*TASK BRIEF*:
Write out exactly the lines below that run from the line containing "intros Hbe x i j n." through the last line of the records.
---------------
Lemma filter_prod_interval_pos (P : R -> Prop) :
  (forall x, 0 < x -> P x) ->
  filter_prod (at_right 0) (Rbar_locally p_infty)
    (fun ab => forall x, Rmin (fst ab) (snd ab) <= x <= Rmax (fst ab) (snd ab) -> P x).
Proof.
  intros HP. apply Filter_prod with (fun a => 0 < a) (fun b => 0 < b).
  - exists (mkposreal 1 Rlt_0_1). now intros.
  - now exists 0.
  - intros a b Ha Hb x [Hx _]. exact (HP x (Rmin_pos_le a b x Ha Hb Hx)).
Qed.

(* Integration by parts over (0, oo): the boundary term t^s e^(-t) vanishes at both ends. *)
Lemma Gamma_succ s : 0 < s -> Gamma (s + 1) = s * Gamma s.
Proof.
  intros Hs.
  set (F := fun u => - (Rpower u s * exp (- u))).
  assert (HDF : forall t, 0 < t ->
                 Derive F t = gamma_integrand (s + 1) t - s * gamma_integrand s t)
    by (intros t Ht; now apply is_derive_unique, is_derive_Rpower_exp).
  assert (Hparts : is_RInt_gen (Derive F) (at_right 0) (Rbar_locally p_infty) (- 0 - - 0)).
  { apply is_RInt_gen_Derive.
    - apply filter_prod_interval_pos. intros t Ht. eexists. now apply is_derive_Rpower_exp.
    - apply filter_prod_interval_pos. intros t Ht.
      apply (continuous_ext_loc _ (fun u => gamma_integrand (s + 1) u - s * gamma_integrand s u)).
      + exists (mkposreal t Ht). intros u Hu. symmetry. apply HDF.
        apply Rabs_lt_between' in Hu. simpl in Hu. lra.
      + apply (continuous_minus (V := R_NormedModule));
          [|apply (continuous_scal_r (V := R_NormedModule))]; now apply gamma_integrand_cont.
    - exact (filterlim_comp _ _ _ _ _ _ _ _ (filterlim_Rpower_exp_right_0 s Hs) (filterlim_opp 0)).
    - exact (filterlim_comp _ _ _ _ _ _ _ _ (filterlim_Rpower_exp_p_infty s) (filterlim_opp 0)). }
  assert (Hsum := is_RInt_gen_plus _ _ _ _ Hparts
                    (is_RInt_gen_scal _ s _ (proj1 (Gamma_improper s Hs)))).
  apply (is_RInt_gen_ext _ (gamma_integrand (s + 1))) in Hsum.
  - rewrite (is_RInt_gen_unique (V := R_CompleteNormedModule) _ _ Hsum : Gamma (s + 1) = _).
    change plus with Rplus. change scal with Rmult. simpl. ring.
  - eapply filter_imp; [|apply filter_prod_interval_pos with (P := fun t => 0 < t); now intros].
    intros [a b] Hab x Hx. simpl in *. rewrite HDF by (apply Hab; split; lra).
    change plus with Rplus. change scal with Rmult. simpl. ring.
Qed.

Lemma is_lim_seq_PSeries (c : nat -> R) x : ex_pseries c x ->
  is_lim_seq (fun n => sum_f_R0 (fun k => c k * x ^ k) n) (PSeries c x).
Proof.
  intros Hc. apply ex_pseries_R, Series_correct in Hc.
  eapply is_lim_seq_ext; [intros n; apply sum_n_Reals | exact Hc].
Qed.

Lemma PSeries_pos (c : nat -> R) x :
  (forall k, 0 < c k) -> 0 < x -> ex_pseries c x -> 0 < PSeries c x.
Proof.
  intros Hc Hx Hex.
  assert (Hincr : forall n,
    sum_f_R0 (fun k => c k * x ^ k) n <= sum_f_R0 (fun k => c k * x ^ k) (S n)).
  { intros n. rewrite tech5. pose proof (Hc (S n)). pose proof (pow_lt x (S n) Hx). nra. }
  pose proof (is_lim_seq_incr_compare _ _ (is_lim_seq_PSeries c x Hex) Hincr 0%nat) as H0.
  simpl in H0. pose proof (Hc 0%nat). lra.
Qed.

Lemma pow_cross_le z w i j : 0 < z <= w -> (i <= j)%nat -> z ^ j * w ^ i <= w ^ j * z ^ i.
Proof.
  intros Hzw Hij. replace j with (i + (j - i))%nat by lia. rewrite !pow_add.
  assert (z ^ (j - i) <= w ^ (j - i)) by (apply pow_incr; lra).
  assert (0 < z ^ i * w ^ i) by (apply Rmult_lt_0_compat; apply pow_lt; lra).
  nra.
Qed.

Section PowerSeriesRatio.

Variables a b : nat -> R.
(* Consider the control-affine system $\dot\zeta = \hat F(\zeta) + \hat G(\zeta)\upsilon$ with $\zeta\in\mathbb{R}^n$, $\upsilon\in\mathbb{R}^q$, and let $\theta:\mathbb{R}^n\to\mathbb{R}$ be a continuously differentiable bounded function. Fix a constant vector $d\in\mathbb{R}^n$ and constants $r>0$, $\Delta>0$, and define $$\Theta(\zeta) := \exp\!\Big(\frac{\theta(\zeta)}{\|\zeta+d\|+r}-\Delta\Big)-1 .$$ Suppose that (A1) $\theta$ has relative degree $m\ge 2$ with respect to the system, and (A2) $G_d(\zeta):=(\zeta+d)^T\hat G(\zeta)\neq 0$ along the trajectories for all $t\ge t_0$. Then $\Theta$ has relative degree $1$ with respect to the system, and the set $\bar C_\Theta:=\{\zeta\in\mathbb{R}^n:\Theta(\zeta)\ge 0\}$ is forward invariant (for the closed loop under controls satisfying the control barrier condition $L_{\hat F}\Theta(\zeta)+L_{\hat G}\Theta(\zeta)\upsilon+\alpha(\Theta(\zeta))\ge 0$ for some class $\mathcal K$ function $\alpha$).
   Context: $\hat F:\mathbb{R}^n\to\mathbb{R}^n$ and $\hat G:\mathbb{R}^n\to\mathbb{R}^{n\times q}$ are locally Lipschitz. $L_{\hat F}$, $L_{\hat G}$ denote Lie derivatives along $\hat F$ and $\hat G$. The relative degree of a function $h$ with respect to the system is the minimal number of time differentiations of $h$ along the system dynamics after which the control $\upsilon$ appears explicitly. A set $S$ is forward invariant if every trajectory starting in $S$ at $t_0$ remains in $S$ for all $t\ge t_0$. A class $\mathcal K$ function is a continuous strictly increasing function $\alpha:[0,a)\to[0,\infty)$ with $\alpha(0)=0$. *)

From HB Require Import structures.
From mathcomp Require Import all_boot all_order all_algebra.
From mathcomp Require Import all_classical all_reals all_analysis.
Set Implicit Arguments. Unset Strict Implicit. Unset Printing Implicit Defensive.
Import Order.TTheory GRing.Theory Num.Theory.
Import numFieldNormedType.Exports.
Local Open Scope ring_scope.
Local Open Scope classical_set_scope.

Section Defs.
Variables (R : realType) (n q : nat).

Definition enorm (x : 'cV[R]_n) : R := Num.sqrt (\sum_(i < n) (x i 0) ^+ 2).

Definition lieF (F : 'cV[R]_n -> 'cV[R]_n) (h : 'cV[R]_n -> R) : 'cV[R]_n -> R :=
  fun x => 'D_(F x) h x.

Definition lieG (G : 'cV[R]_n -> 'M[R]_(n, q)) (h : 'cV[R]_n -> R)
    (x : 'cV[R]_n) : 'rV[R]_q :=
  \row_(j < q) 'D_(col j (G x)) h x.

Definition lieGu (G : 'cV[R]_n -> 'M[R]_(n, q)) (h : 'cV[R]_n -> R)
    (x : 'cV[R]_n) (v : 'cV[R]_q) : R :=
  (lieG G h x *m v) 0 0.

Definition rel_degree (F : 'cV[R]_n -> 'cV[R]_n) (G : 'cV[R]_n -> 'M[R]_(n, q))
    (h : 'cV[R]_n -> R) (m : nat) : Prop :=
  (0 < m)%N /\
  (forall k : nat, (k < m.-1)%N -> forall x, lieG G (iter k (lieF F) h) x = 0) /\
  (exists x, lieG G (iter m.-1 (lieF F) h) x != 0).

End Defs.

Definition locally_lipschitz (R : realType) (U V : normedModType R) (f : U -> V) : Prop :=
  forall x : U, exists e : R, 0 < e /\ exists L : R,
    forall y z : U, ball x e y -> ball x e z -> `|f y - f z| <= L * `|y - z|.

Definition C1 (R : realType) (n : nat) (h : 'cV[R]_n -> R) : Prop :=
  (forall x, differentiable h x) /\ (forall v, continuous (fun x => 'D_v h x)).

(* extended class-K function (needed since the barrier condition is imposed
   also where Theta may be negative) *)
Definition ext_classK (R : realType) (alpha : R -> R) : Prop :=
  continuous alpha /\ (forall x y, x < y -> alpha x < alpha y) /\ alpha 0 = 0.

Definition Theta (R : realType) (n : nat) (theta : 'cV[R]_n -> R) (d : 'cV[R]_n)
    (r Delta : R) (z : 'cV[R]_n) : R :=
  expR (theta z / (enorm (z + d) + r) - Delta) - 1.

From HB Require Import structures.
From mathcomp Require Import all_boot all_order all_algebra.
From mathcomp Require Import all_classical all_reals all_analysis.
From mathcomp Require Import ring lra.
Import Order.TTheory GRing.Theory Num.Theory.
Import numFieldNormedType.Exports.
Local Open Scope ring_scope.
Local Open Scope classical_set_scope.

(* Relative degree m >= 2 means L_G theta = 0, so in L_G Theta only the
   denominator |z + d| + r is differentiated: L_G Theta(z) is a nonzero multiple of
   theta(z) (z + d)^T G(z). On {Theta >= 0} we have theta > 0, hence (A2) gives
   L_G Theta != 0 there, and Theta has relative degree 1.
   For invariance, f := Theta o zeta satisfies f' >= - alpha(f) > 0 wherever f < 0.
   Were f(t1) < 0, the minimum of f on [t0, t1] would be negative and attained at
   some c > t0; the mean value theorem on a short interval [s, c] on which f < 0
   gives f(c) > f(s), a contradiction. *)

Section ForwardInvariance.
Set Implicit Arguments.
Unset Strict Implicit.
Variable R : realType.

Lemma forward_invariant_ge0 (f df : R -> R) (t0 : R) :
  {within `[t0, +oo[, continuous f} ->
  (forall t, t0 < t -> is_derive t 1 f (df t)) ->
  (forall t, t0 < t -> f t < 0 -> 0 < df t) ->
  0 <= f t0 -> forall t, t0 <= t -> 0 <= f t.
Proof.
move=> fcont fder df_pos f0 t1 t0_le_t1; rewrite leNgt; apply/negP => ft1.
have t0_lt_t1 : t0 < t1 by rewrite lt_def t0_le_t1 andbT; apply: contraTneq ft1 => ->; rewrite -leNgt.
have sub01 : `[t0, t1] `<=` `[t0, +oo[ by move=> s; rewrite /= !in_itv /= => /andP[->].
have [c cI cmin] := EVT_min (ltW t0_lt_t1) (continuous_subspaceW sub01 fcont).
move: (cI); rewrite in_itv /= => /andP[t0_le_c ct1].
have fc_neg : f c < 0 by apply: le_lt_trans (cmin t1 _) ft1; rewrite in_itv /= t0_le_t1 lexx.
have t0_lt_c : t0 < c by rewrite lt_def t0_le_c andbT; apply: contraTneq fc_neg => ->; rewrite -leNgt.
have [/derivable1_diffP/differentiable_continuous fc _] := fder c t0_lt_c.
have [e /= e_gt0 f_neg] := iffLR (nbhs_ballP _ _) (cvgr_lt _ fc _ fc_neg).
pose s := Num.max ((t0 + c) / 2) (c - e / 2).
have t0s : t0 < s by rewrite lt_max; apply/orP; left; lra.
have sc : s < c by rewrite gt_max; apply/andP; split; lra.
have ces : c - e / 2 <= s by rewrite le_max lexx orbT.
have f'_sc y : y \in `]s, c[%R -> is_derive y 1 f (df y).
  by rewrite in_itv /= => /andP[sy _]; apply: fder; lra.
have f_sc : {within `[s, c], continuous f}.
  by apply: continuous_subspaceW fcont => y; rewrite /= !in_itv /= andbT => /andP[sy _]; lra.
have [xi xiI mvt] := MVT sc f'_sc f_sc.
move: xiI; rewrite in_itv /= => /andP[sxi xic].
have fxi_neg : f xi < 0 by apply: f_neg; rewrite /ball /= ger0_norm; lra.
have : f c <= f s by apply: cmin; rewrite in_itv /=; apply/andP; split; lra.
have := df_pos xi (lt_trans t0s sxi) fxi_neg.
have : 0 < c - s by rewrite subr_gt0.
nra.
Qed.

End ForwardInvariance.

Section LieDerivatives.
Set Implicit Arguments.
Unset Strict Implicit.
Variables (R : realType) (n q : nat).

Lemma is_derive_coord (x w : 'cV[R]_n) i :
  is_derive x w (fun y : 'cV[R]_n => y i 0) (w i 0).
Proof.
have dM : derivable (@id 'cV[R]_n) x w by [].
apply: DeriveDef; first by move/derivable_mxP : dM; apply.
by have := derive_mx dM; rewrite derive_val => /matrixP/(_ i 0); rewrite mxE => ->.
Qed.

Lemma is_derive_comp_real (V : normedModType R) (f : V -> R) (g : R -> R) x w df b :
  differentiable f x -> is_derive x w f df -> is_derive (f x) 1 g b ->
  is_derive x w (g \o f) (b * df).
Proof.
move=> dfx [_ <-] [/derivable1_diffP dg <-].
have dgf : differentiable (g \o f) x by apply: differentiable_comp.
apply: DeriveDef; first exact: diff_derivable.
by rewrite deriveE // diff_comp //= diff1E // derive1E !deriveE // mulrC.
Qed.

Lemma is_derive_inv (V : normedModType R) (f : V -> R) x w df :
  f x != 0 -> is_derive x w f df ->
  is_derive x w (fun y => (f y)^-1) (- (f x)^-2 * df).
Proof.
move=> fx0 [df' <-]; apply: DeriveDef; first exact: derivableV.
by rewrite deriveV.
Qed.

Lemma is_derive_comp_path (h : 'cV[R]_n -> R) (z : R -> 'cV[R]_n) t w :
  differentiable h (z t) -> is_derive t 1 z w -> is_derive t 1 (h \o z) ('d h (z t) w).
Proof.
move=> dh [dz <-]; have /derivable1_diffP dz' := dz.
have dhz : differentiable (h \o z) t by apply: differentiable_comp.
apply: DeriveDef; first exact/derivable1_diffP.
by rewrite deriveE // diff_comp //= (deriveE _ dz').
Qed.

Lemma mulmx_sum_col (A : 'M[R]_(n, q)) (v : 'cV[R]_q) :
  A *m v = \sum_(j < q) v j 0 *: col j A.
Proof.
apply/matrixP => i k; rewrite (ord1 k) !mxE summxE; apply: eq_bigr => j _.
by rewrite !mxE mulrC.
Qed.

Lemma trmx_mul_neq0 (v : 'cV[R]_n) (A : 'M[R]_(n, q)) : v^T *m A != 0 -> v != 0.
Proof. by apply: contra => /eqP ->; rewrite trmx0 mul0mx. Qed.

Lemma lieGu_diff (G : 'cV[R]_n -> 'M[R]_(n, q)) h x v :
  differentiable h x -> lieGu G h x v = 'd h x (G x *m v).
Proof.
move=> dh; rewrite /lieGu /lieG mulmx_sum_col linear_sum !mxE.
by apply: eq_bigr => j _; rewrite !mxE linearZ /= deriveE // mulrC.
Qed.
Lemma slope_within_compl (F : nat -> Z) (g E : R) :
  slope_within F g E -> slope_within (compl_count F) (1 - g) E.
Proof.
  intros HF p q; unfold compl_count.
  rewrite !minus_IZR, <- !INR_IZR_INZ.
  replace (INR q - IZR (F q) - (INR p - IZR (F p)) - (INR q - INR p) * (1 - g))
    with (- (IZR (F q) - IZR (F p) - (INR q - INR p) * g)) by ring.
  rewrite Rabs_Ropp, <- minus_IZR; apply HF.
Qed.

Lemma slope_within_comp (F : nat -> Z) (G : nat -> nat) (g d E1 E2 : R) :
  slope_within F g E1 -> slope_within (fun k => Z.of_nat (G k)) d E2 ->
  slope_within (fun k => F (G k)) (g * d) (E1 + Rabs g * E2).
Proof.
  intros HF HG p q.
  pose proof (HF (G p) (G q)) as HFpq.
  pose proof (HG p q) as HGpq; rewrite minus_IZR, <- !INR_IZR_INZ in HGpq.
  replace (IZR (F (G q) - F (G p)) - (INR q - INR p) * (g * d))
    with ((IZR (F (G q) - F (G p)) - (INR (G q) - INR (G p)) * g)
          + g * (INR (G q) - INR (G p) - (INR q - INR p) * d)) by ring.
  eapply Rle_lt_trans; [apply Rabs_triang|].
  rewrite Rabs_mult.
  assert (Rabs g * Rabs (INR (G q) - INR (G p) - (INR q - INR p) * d) <= Rabs g * E2)
    by (apply Rmult_le_compat_l; [apply Rabs_pos|lra]).
  lra.
Qed.

Lemma slope_within_cnt (p : nat -> bool) (F : nat -> Z) (g E : R) :
  counts p F -> slope_within F g E -> slope_within (fun k => Z.of_nat (cnt p 0 k)) g E.
Proof.
  intros Hp HF k l.
  replace (Z.of_nat (cnt p 0 l) - Z.of_nat (cnt p 0 k))%Z with (F l - F k)%Z
    by (rewrite !(cnt_counts p F Hp); simpl; lia).
  apply HF.
Qed.

Definition balanced_count (F : nat -> Z) (C : nat) : Prop :=
  forall i j n, (F (i + n)%nat - F i <= F (j + n)%nat - F j + Z.of_nat C)%Z.

Lemma slope_within_sub_le (F : nat -> Z) (g : R) (p0 p1 q0 q1 : nat) (c : Z) :
  slope_within F g 1 -> 0 <= g <= 1 -> (0 <= c)%Z ->
  (Z.of_nat p1 - Z.of_nat p0 <= Z.of_nat q1 - Z.of_nat q0 + c)%Z ->
  (F p1 - F p0 <= F q1 - F q0 + c + 1)%Z.
Proof.
  intros HF Hg Hc Hpq.
  apply IZR_le in Hc.
  assert (Hd : INR p1 - INR p0 <= INR q1 - INR q0 + IZR c).
  { rewrite !INR_IZR_INZ, <- !minus_IZR, <- plus_IZR; apply IZR_le; exact Hpq. }
  assert (Hdg : (INR p1 - INR p0) * g <= (INR q1 - INR q0) * g + IZR c) by nra.
  destruct (Rabs_def2 _ _ (HF p0 p1)); destruct (Rabs_def2 _ _ (HF q0 q1)).
  assert (Hlt : IZR ((F p1 - F p0) - (F q1 - F q0)) < IZR (c + 2))
    by (rewrite minus_IZR, plus_IZR; lra).
  apply lt_IZR in Hlt; lia.
Qed.

Lemma balanced_count_of_slope (F : nat -> Z) (g : R) :
  slope_within F g 1 -> 0 <= g <= 1 -> balanced_count F 1.
Proof.
  intros HF Hg i j n.
  change (Z.of_nat 1) with (0 + 1)%Z; rewrite Z.add_assoc.
  apply (slope_within_sub_le F g); [exact HF|exact Hg|lia|lia].
Qed.

Lemma balanced_count_comp (F : nat -> Z) (G : nat -> nat) (g d : R) :
  slope_within F g 1 -> 0 <= g <= 1 ->
  slope_within (fun k => Z.of_nat (G k)) d 1 -> 0 <= d <= 1 ->
  balanced_count (fun k => F (G k)) 2.
Proof.
  intros HF Hg HG Hd i j n.
  pose proof (balanced_count_of_slope _ d HG Hd i j n) as HGij; simpl in HGij.
  change (Z.of_nat 2) with (1 + 1)%Z; rewrite Z.add_assoc.
  apply (slope_within_sub_le F g); [exact HF|exact Hg|lia|lia].
Qed.

Lemma occ_le_of_counts {T : Type} (eqb : T -> T -> bool) (w : nat -> T) (x : T)
    (p : nat -> bool) (F : nat -> Z) (C : nat) :
  (forall k, eqb (w k) x = p k) -> counts p F -> balanced_count F C ->
  forall i j n, (occ eqb w x i n <= occ eqb w x j n + C)%nat.
Proof.
  intros Hp HF HC i j n; unfold occ.
  rewrite (cnt_ext _ p i n Hp), (cnt_ext _ p j n Hp).
  pose proof (cnt_counts p F HF i n); pose proof (cnt_counts p F HF j n).
  pose proof (HC i j n); lia.
Qed.

Lemma occ_absent {T : Type} (eqb : T -> T -> bool) (w : nat -> T) (x : T) (i n : nat) :
  (forall k, eqb (w k) x = false) -> occ eqb w x i n = 0%nat.
Proof.
  intros Hx; unfold occ; induction n as [|n IH]; simpl; [reflexivity|now rewrite Hx, IH].
Qed.

Lemma Un_cv_ratio_of_bounded_error (c : nat -> R) (l C : R) :
  0 <= C -> (forall n, Rabs (c n - INR n * l) <= C) ->
  Un_cv (fun n => c n / INR n) l.
Proof.
  intros HC Hc eps Heps.
  destruct (INR_unbounded (C / eps)) as [N HN].
  assert (HCe : 0 <= C / eps) by (apply Rmult_le_pos; [lra | left; apply Rinv_0_lt_compat; lra]).
  exists N; intros n Hn; unfold R_dist.
  assert (Hpos : C / eps < INR n) by (apply le_INR in Hn; lra).
  assert (HnC : C < eps * INR n).
  { replace C with (eps * (C / eps)) by (field; lra).
    apply Rmult_lt_compat_l; lra. }
  replace (c n / INR n - l) with ((c n - INR n * l) / INR n) by (field; lra).
  unfold Rdiv; rewrite Rabs_mult, Rabs_inv, (Rabs_right (INR n)) by lra.
  apply (Rmult_lt_reg_r (INR n)); [lra|].
  rewrite Rmult_assoc, Rinv_l by lra.
  specialize (Hc n); lra.
Qed.

Lemma has_freq_of_counts {T : Type} (eqb : T -> T -> bool) (w : nat -> T) (x : T)
    (p : nat -> bool) (F : nat -> Z) (g E : R) :
  (forall k, eqb (w k) x = p k) -> counts p F -> slope_within F g E ->
  has_freq eqb w x g.
Proof.
  intros Hp HF Hg.
  assert (HE : 0 <= E) by exact (Rlt_le _ _ (Rle_lt_trans _ _ _ (Rabs_pos _) (Hg 0%nat 0%nat))).
  apply (Un_cv_ratio_of_bounded_error _ g E HE); intro n.
  unfold occ; rewrite (cnt_ext _ p 0 n Hp).
  rewrite INR_IZR_INZ, (cnt_counts p F HF); simpl (0 + n)%nat.
  pose proof (Hg 0%nat n) as Hn; simpl INR in Hn; rewrite Rminus_0_r in Hn.
  lra.
Qed.

Definition mech (al : R) (k : nat) : Z := Int_part (INR k * al).

Definition mech_word (al : R) (k : nat) : bool := Z.eqb (mech al (S k) - mech al k) 1.

Definition mech_word23 (be : R) (k : nat) : nat := if mech_word be k then 2%nat else 3%nat.

Lemma slope_within_mech (al : R) : slope_within (mech al) al 1.
Proof.
  intros p q; unfold mech.
  destruct (base_Int_part (INR p * al)); destruct (base_Int_part (INR q * al)).
  apply Rabs_def1; rewrite minus_IZR; lra.
Qed.

Lemma counts_mech_word (al : R) : 0 <= al <= 1 -> counts (mech_word al) (mech al).
Proof.
  intros Hal k; unfold mech_word.
  destruct (Rabs_def2 _ _ (slope_within_mech al k (S k))) as [Hup Hlow].
  rewrite S_INR in Hup, Hlow.
  assert (H2 : IZR (mech al (S k) - mech al k) < IZR 2) by lra.
  assert (H1 : IZR (-1) < IZR (mech al (S k) - mech al k)) by lra.
  apply lt_IZR in H1, H2.
  destruct (Z.eqb_spec (mech al (S k) - mech al k) 1); lia.
Qed.

Lemma mech_word_balanced (al : R) : 0 <= al <= 1 -> balanced Bool.eqb 1 (mech_word al).
Proof.
  intros Hal [|] i j n.
  - apply (occ_le_of_counts _ _ _ (mech_word al) (mech al));
      [intro k; now destruct (mech_word al k) | now apply counts_mech_word |].
    exact (balanced_count_of_slope _ al (slope_within_mech al) Hal).
  - apply (occ_le_of_counts _ _ _ (fun k => negb (mech_word al k)) (compl_count (mech al)));
      [intro k; now destruct (mech_word al k) | now apply counts_negb, counts_mech_word |].
    apply (balanced_count_of_slope _ (1 - al)); [apply slope_within_compl, slope_within_mech|lra].
Qed.

Lemma mech_word23_eqb_2 (be : R) (k : nat) : Nat.eqb (mech_word23 be k) 2 = mech_word be k.
Proof. unfold mech_word23; now destruct (mech_word be k). Qed.

Lemma mech_word23_eqb_3 (be : R) (k : nat) :
  Nat.eqb (mech_word23 be k) 3 = negb (mech_word be k).
Proof. unfold mech_word23; now destruct (mech_word be k). Qed.

Lemma mech_word23_absent (be : R) (x k : nat) :
  x <> 2%nat -> x <> 3%nat -> Nat.eqb (mech_word23 be k) x = false.
Proof. intros H2 H3; apply Nat.eqb_neq; unfold mech_word23; destruct (mech_word be k); lia. Qed.

Lemma mech_word23_balanced (be : R) : 0 <= be <= 1 -> balanced Nat.eqb 1 (mech_word23 be).
Proof.
  intros Hbe x i j n.
  destruct (Nat.eq_dec x 2) as [->|Hx2]; [|destruct (Nat.eq_dec x 3) as [->|Hx3]].
  - apply (occ_le_of_counts _ _ _ _ (mech be) _ (mech_word23_eqb_2 be));
      [now apply counts_mech_word|].
    exact (balanced_count_of_slope _ be (slope_within_mech be) Hbe).
  - apply (occ_le_of_counts _ _ _ _ (compl_count (mech be)) _ (mech_word23_eqb_3 be));
      [now apply counts_negb, counts_mech_word|].
    apply (balanced_count_of_slope _ (1 - be)); [apply slope_within_compl, slope_within_mech|lra].
  - rewrite (occ_absent _ _ _ i n) by (intro; now apply mech_word23_absent); lia.
Qed.

Section MechColouring.

Variables al be : R.
Hypothesis al_range : 0 <= al <= 1.
Hypothesis be_range : 0 <= be <= 1.

Definition mech_colouring : nat -> nat :=
  colour (mech_word al) (fun _ => 1%nat) (mech_word23 be).

Let b_index (k : nat) : nat := cnt (fun m => negb (mech_word al m)) 0 k.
---------------
*OUTPUT BELOW*:
  intros Hbe x i j n.
  destruct (Nat.eq_dec x 2) as [->|Hx2]; [|destruct (Nat.eq_dec x 3) as [->|Hx3]].
  - apply (occ_le_of_counts _ _ _ _ (mech be) _ (mech_word23_eqb_2 be));
      [now apply counts_mech_word|].
    exact (balanced_count_of_slope _ be (slope_within_mech be) Hbe).
  - apply (occ_le_of_counts _ _ _ _ (compl_count (mech be)) _ (mech_word23_eqb_3 be));
      [now apply counts_negb, counts_mech_word|].
    apply (balanced_count_of_slope _ (1 - be)); [apply slope_within_compl, slope_within_mech|lra].
  - rewrite (occ_absent _ _ _ i n) by (intro; now apply mech_word23_absent); lia.
Qed.

Section MechColouring.

Variables al be : R.
Hypothesis al_range : 0 <= al <= 1.
Hypothesis be_range : 0 <= be <= 1.

Definition mech_colouring : nat -> nat :=
  colour (mech_word al) (fun _ => 1%nat) (mech_word23 be).

Let b_index (k : nat) : nat := cnt (fun m => negb (mech_word al m)) 0 k.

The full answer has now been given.